[Stored items]

*** Begin section ***

(* Let $m\ge3$, let $w_0^2(m)=\big(\sum_{l=1}^{m-1}\frac{m-l}{l^2}\big)^{-1}$, and for $k\ge0$ let $$w_{k+1}^2(m)=w_k^2(m)+\Big(\sum_{l=1}^{m-1}\frac{m-l}{l^2-w_k^2(m)}\Big)^{-1},$$ with $w_k(m)>0$. Then $w_0^2<w_1^2<\dots<w_k^2<1$ for all $k$, $\lim_{k\to\infty}w_k(m)=1$, and for each $k$, writing $w_k(m)=1-\varepsilon$ with $0<\varepsilon<1$, $$\frac{4\varepsilon}{7m-4}<w_{k+1}^2(m)-w_k^2(m)<\frac{1}{m-1}.$$ *)

From Stdlib Require Import Reals Lra Lia.
Open Scope R_scope.

Fixpoint sumS (m : nat) (x : R) (n : nat) : R :=
  match n with
  | O => 0
  | S n' => sumS m x n' + (INR m - INR n) / (INR n ^ 2 - x)
  end.

Definition Ssum (m : nat) (x : R) : R := sumS m x (m - 1).

Fixpoint w2 (m : nat) (k : nat) : R :=
  match k with
  | O => / Ssum m 0
  | S k' => w2 m k' + / Ssum m (w2 m k')
  end.

Definition w (m k : nat) : R := sqrt (w2 m k).

(* For 0 <= x < 1 the sum S_m(x) is dominated by its first term: it lies between
   (m-1)/(1-x) and (m-1)/(1-x) + 3m/4, the tail being controlled by the telescoping
   sum of 1/(l^2-1).  Hence the increment 1/S_m(x) is at most (1-x)/(m-1), which keeps
   the iterates below 1, and, writing sqrt x = 1 - eps, at least 4 eps/(7m-4).  Since
   1 - x <= 2 eps, the gap 1 - w_k^2 then shrinks by the factor 1 - 2/(7m-4) at each
   step, so w_k^2 and hence w_k tend to 1. *)
From Stdlib Require Import Reals Lra Lia.
Open Scope R_scope.

Lemma INR_ge_1 (n : nat) : (1 <= n)%nat -> 1 <= INR n.
Proof. intros Hn. apply (le_INR 1); exact Hn. Qed.

Lemma INR_ge_3 (n : nat) : (3 <= n)%nat -> 3 <= INR n.
Proof. intros Hn. replace 3 with (INR 3) by (simpl; lra). apply le_INR; exact Hn. Qed.

Section PartialSums.

Variables (m : nat) (x : R).
Hypothesis x_lt_1 : x < 1.

Lemma sumS_S (n : nat) :
  sumS m x (S n) = sumS m x n + (INR m - INR (S n)) / (INR (S n) ^ 2 - x).
Proof. reflexivity. Qed.

Lemma sumS_1 : sumS m x 1 = (INR m - 1) / (1 - x).
Proof. rewrite sumS_S. simpl. field. lra. Qed.

Lemma sumS_term_nonneg (l : nat) : (1 <= l <= m)%nat ->
  0 <= (INR m - INR l) / (INR l ^ 2 - x).
Proof.
  intros [Hl1 Hlm].
  pose proof (INR_ge_1 l Hl1). pose proof (le_INR l m Hlm).
  apply Rmult_le_pos; [lra |]. left; apply Rinv_0_lt_compat. nra.
Qed.

Lemma sumS_ge_first_term (n : nat) : (1 <= n <= m)%nat ->
  (INR m - 1) / (1 - x) <= sumS m x n.
Proof.
  induction n as [| [| n] IH]; intros Hn; [lia | rewrite sumS_1; lra |].
  rewrite sumS_S. pose proof (sumS_term_nonneg (S (S n)) Hn).
  specialize (IH ltac:(lia)). lra.
Qed.

Hypothesis x_nonneg : 0 <= x.

(* The tail bound is Sum_{l=2}^{n} m/(l^2-1) = m (3/4 - 1/(2n) - 1/(2(n+1))). *)
Lemma sumS_le_first_term_tail (n : nat) : (1 <= n <= m)%nat ->
  sumS m x n <= (INR m - 1) / (1 - x) + INR m * (3/4 - / (2 * INR n) - / (2 * (INR n + 1))).
Proof.
  induction n as [| [| n] IH]; intros Hn; [lia | |].
  - rewrite sumS_1. simpl. replace (3 / 4 - / (2 * 1) - / (2 * (1 + 1))) with 0 by field. lra.
  - rewrite sumS_S. specialize (IH ltac:(lia)).
    assert (Ham : INR (S (S n)) <= INR m) by (apply le_INR; lia).
    rewrite (S_INR (S n)) in *. set (a := INR (S n)) in *.
    assert (Ha : 1 <= a) by (apply INR_ge_1; lia).
    assert (Hterm : (INR m - (a + 1)) / ((a + 1) ^ 2 - x) <= INR m / (a * (a + 2))).
    { apply Rmult_le_compat; try lra.
      - left; apply Rinv_0_lt_compat; nra.
      - apply Rinv_le_contravar; nra. }
    assert (Htelescope : INR m / (a * (a + 2)) + INR m * (3 / 4 - / (2 * a) - / (2 * (a + 1)))
                       = INR m * (3 / 4 - / (2 * (a + 1)) - / (2 * (a + 1 + 1))))
      by (field; lra).
    lra.
Qed.

End PartialSums.

Section OneStep.

Variables (m : nat) (x : R).
Hypothesis m_ge_3 : (3 <= m)%nat.
Hypothesis x_range : 0 < x < 1.

Let INR_m_ge_3 : 3 <= INR m := INR_ge_3 m m_ge_3.

Lemma Ssum_bounds :
  (INR m - 1) / (1 - x) <= Ssum m x <= (INR m - 1) / (1 - x) + 3 * INR m / 4.
Proof.
  unfold Ssum. split; [apply sumS_ge_first_term; lra || lia |].
  eapply Rle_trans; [apply sumS_le_first_term_tail; lra || lia |].
  assert (1 <= INR (m - 1)) by (apply INR_ge_1; lia).
  assert (0 < / (2 * INR (m - 1))) by (apply Rinv_0_lt_compat; lra).
  assert (0 < / (2 * (INR (m - 1) + 1))) by (apply Rinv_0_lt_compat; lra).
  nra.
Qed.

Lemma Ssum_pos : 0 < Ssum m x.
Proof.
  pose proof Ssum_bounds as [H _].
  assert (0 < (INR m - 1) / (1 - x)) by (apply Rdiv_lt_0_compat; lra). lra.
Qed.

Lemma inv_Ssum_le : / Ssum m x <= (1 - x) / (INR m - 1).
Proof.
  pose proof Ssum_bounds as [H _].
  replace ((1 - x) / (INR m - 1)) with (/ ((INR m - 1) / (1 - x))) by (field; lra).
  apply Rinv_le_contravar; [apply Rdiv_lt_0_compat |]; lra.
Qed.

Lemma inv_Ssum_lt_gap : / Ssum m x < 1 - x.
Proof.
  pose proof inv_Ssum_le.
  assert (/ (INR m - 1) < 1) by (rewrite <- Rinv_1; apply Rinv_lt_contravar; lra).
  assert ((1 - x) * / (INR m - 1) < (1 - x) * 1) by (apply Rmult_lt_compat_l; lra).
  unfold Rdiv in *. lra.
Qed.

Lemma inv_Ssum_lt : / Ssum m x < 1 / (INR m - 1).
Proof.
  pose proof inv_Ssum_le.
  assert ((1 - x) / (INR m - 1) < 1 / (INR m - 1))
    by (apply Rmult_lt_compat_r; [apply Rinv_0_lt_compat |]; lra).
  lra.
Qed.

Lemma inv_Ssum_gt : 4 * (1 - sqrt x) / (7 * INR m - 4) < / Ssum m x.
Proof.
  pose proof Ssum_bounds as [_ H].
  set (e := 1 - sqrt x).
  assert (Hsq : sqrt x * sqrt x = x) by (apply sqrt_sqrt; lra).
  pose proof (sqrt_pos x).
  assert (He : 0 < e <= 1 - x) by (unfold e; split; nra).
  assert (Hfirst : (INR m - 1) / (1 - x) <= (INR m - 1) / e)
    by (apply Rmult_le_compat_l; [| apply Rinv_le_contravar]; lra).
  assert (Htail : 3 * INR m / 4 < 3 * INR m / (4 * e))
    by (apply Rmult_lt_compat_l; [| apply Rinv_lt_contravar]; nra).
  replace (4 * e / (7 * INR m - 4)) with (/ ((INR m - 1) / e + 3 * INR m / (4 * e)))
    by (field; lra).
  assert (0 < (INR m - 1) / e) by (apply Rdiv_lt_0_compat; lra).
  assert (0 < 3 * INR m / (4 * e)) by (apply Rdiv_lt_0_compat; lra).
  apply Rinv_lt_contravar; [apply Rmult_lt_0_compat; [apply Ssum_pos |] |]; lra.
Qed.

End OneStep.

Lemma Un_cv_of_dist_le_pow (u : nat -> R) (l q : R) : 0 <= q < 1 ->
  (forall n, Rabs (u n - l) <= q ^ n) -> Un_cv u l.
Proof.
  intros Hq Hu eps Heps.
  destruct (pow_lt_1_zero q ltac:(rewrite Rabs_right; lra) eps Heps) as [N HN].
  exists N. intros n Hn. unfold R_dist.
  specialize (HN n Hn). rewrite Rabs_right in HN by (apply Rle_ge, pow_le; lra).
  specialize (Hu n). lra.
Qed.

Section Iterates.

Variable m : nat.
Hypothesis m_ge_3 : (3 <= m)%nat.

Let INR_m_ge_3 : 3 <= INR m := INR_ge_3 m m_ge_3.

Lemma w2_S (k : nat) : w2 m (S k) = w2 m k + / Ssum m (w2 m k).
Proof. reflexivity. Qed.

Lemma w2_range (k : nat) : 0 < w2 m k < 1.
Proof.
  induction k as [| k IH].
  - assert (H : (INR m - 1) / (1 - 0) <= Ssum m 0)
      by (apply sumS_ge_first_term; lra || lia).
    replace ((INR m - 1) / (1 - 0)) with (INR m - 1) in H by field.
    simpl. split; [apply Rinv_0_lt_compat; lra |].
    rewrite <- Rinv_1. apply Rinv_lt_contravar; lra.
  - rewrite w2_S. pose proof (Rinv_0_lt_compat _ (Ssum_pos m _ m_ge_3 IH)).
    pose proof (inv_Ssum_lt_gap m _ m_ge_3 IH). lra.
Qed.

Lemma w_sqr (k : nat) : w m k * w m k = w2 m k.
Proof. apply sqrt_sqrt. pose proof (w2_range k). lra. Qed.

Lemma w_range (k : nat) : 0 < w m k < 1.
Proof.
  pose proof (w2_range k). pose proof (w_sqr k). pose proof (sqrt_pos (w2 m k)).
  unfold w in *. split; nra.
Qed.

Let rate_range : 0 < 2 / (7 * INR m - 4) <= 1.
Proof.
  split; [apply Rdiv_lt_0_compat; lra |].
  apply (Rmult_le_reg_r (7 * INR m - 4)); [lra | field_simplify; lra].
Qed.

(* From 1 - w^2 <= 2 (1 - w) and the lower bound on the increment. *)
Lemma w2_gap_contract (k : nat) :
  1 - w2 m (S k) <= (1 - 2 / (7 * INR m - 4)) * (1 - w2 m k).
Proof.
  pose proof (inv_Ssum_gt m _ m_ge_3 (w2_range k)) as Hgt. fold (w m k) in Hgt.
  rewrite w2_S, <- w_sqr. rewrite <- w_sqr in Hgt.
  pose proof (w_range k).
  assert (Hgap : 1 - w m k * w m k <= 2 * (1 - w m k)) by nra.
  assert (Hc : 0 < / (7 * INR m - 4)) by (apply Rinv_0_lt_compat; lra).
  unfold Rdiv in *. nra.
Qed.

Lemma w2_gap_le_pow (k : nat) : 1 - w2 m k <= (1 - 2 / (7 * INR m - 4)) ^ k.
Proof.
  induction k as [| k IH].
  - pose proof (w2_range 0). rewrite pow_O. lra.
  - pose proof (w2_gap_contract k). pose proof rate_range.
    rewrite <- tech_pow_Rmult. nra.
Qed.

Lemma w2_cv_1 : Un_cv (w2 m) 1.
Proof.
  apply (Un_cv_of_dist_le_pow _ _ (1 - 2 / (7 * INR m - 4))).
  - pose proof rate_range. lra.
  - intro k. pose proof (w2_range k). pose proof (w2_gap_le_pow k).
    rewrite Rabs_left by lra. lra.
Qed.

Lemma w_cv_1 : Un_cv (w m) 1.
Proof.
  rewrite <- sqrt_1. apply (continuity_seq sqrt (w2 m)); [apply continuity_pt_sqrt; lra |].
  exact w2_cv_1.
Qed.

End Iterates.

Theorem mainTheorem11 (m : nat) (hm : (3 <= m)%nat) :
  (forall k : nat, w2 m k < w2 m (S k)) /\
  (forall k : nat, w2 m k < 1) /\
  Un_cv (fun k => w m k) 1 /\
  (forall k : nat,
     let eps := 1 - w m k in
     0 < eps < 1 /\
     4 * eps / (7 * INR m - 4) < w2 m (S k) - w2 m k /\
     w2 m (S k) - w2 m k < 1 / (INR m - 1)).
Proof.
  assert (Hincr : forall k, w2 m (S k) - w2 m k = / Ssum m (w2 m k))
    by (intro k; rewrite w2_S; ring).
  split; [| split; [| split]].
  - intro k. pose proof (Rinv_0_lt_compat _ (Ssum_pos m _ hm (w2_range m hm k))).
    specialize (Hincr k). lra.
  - intro k. apply (w2_range m hm k).
  - exact (w_cv_1 m hm).
  - intro k. cbv zeta. rewrite Hincr. pose proof (w_range m hm k).
    split; [lra | split].
    + exact (inv_Ssum_gt m _ hm (w2_range m hm k)).
    + exact (inv_Ssum_lt m _ hm (w2_range m hm k)).
Qed.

*** End section ***

Exercise prompt: Where a line in the records above contains the string "Fixpoint", return that line.

Written solution:
Fixpoint sumS (m : nat) (x : R) (n : nat) : R :=
Fixpoint w2 (m : nat) (k : nat) : R :=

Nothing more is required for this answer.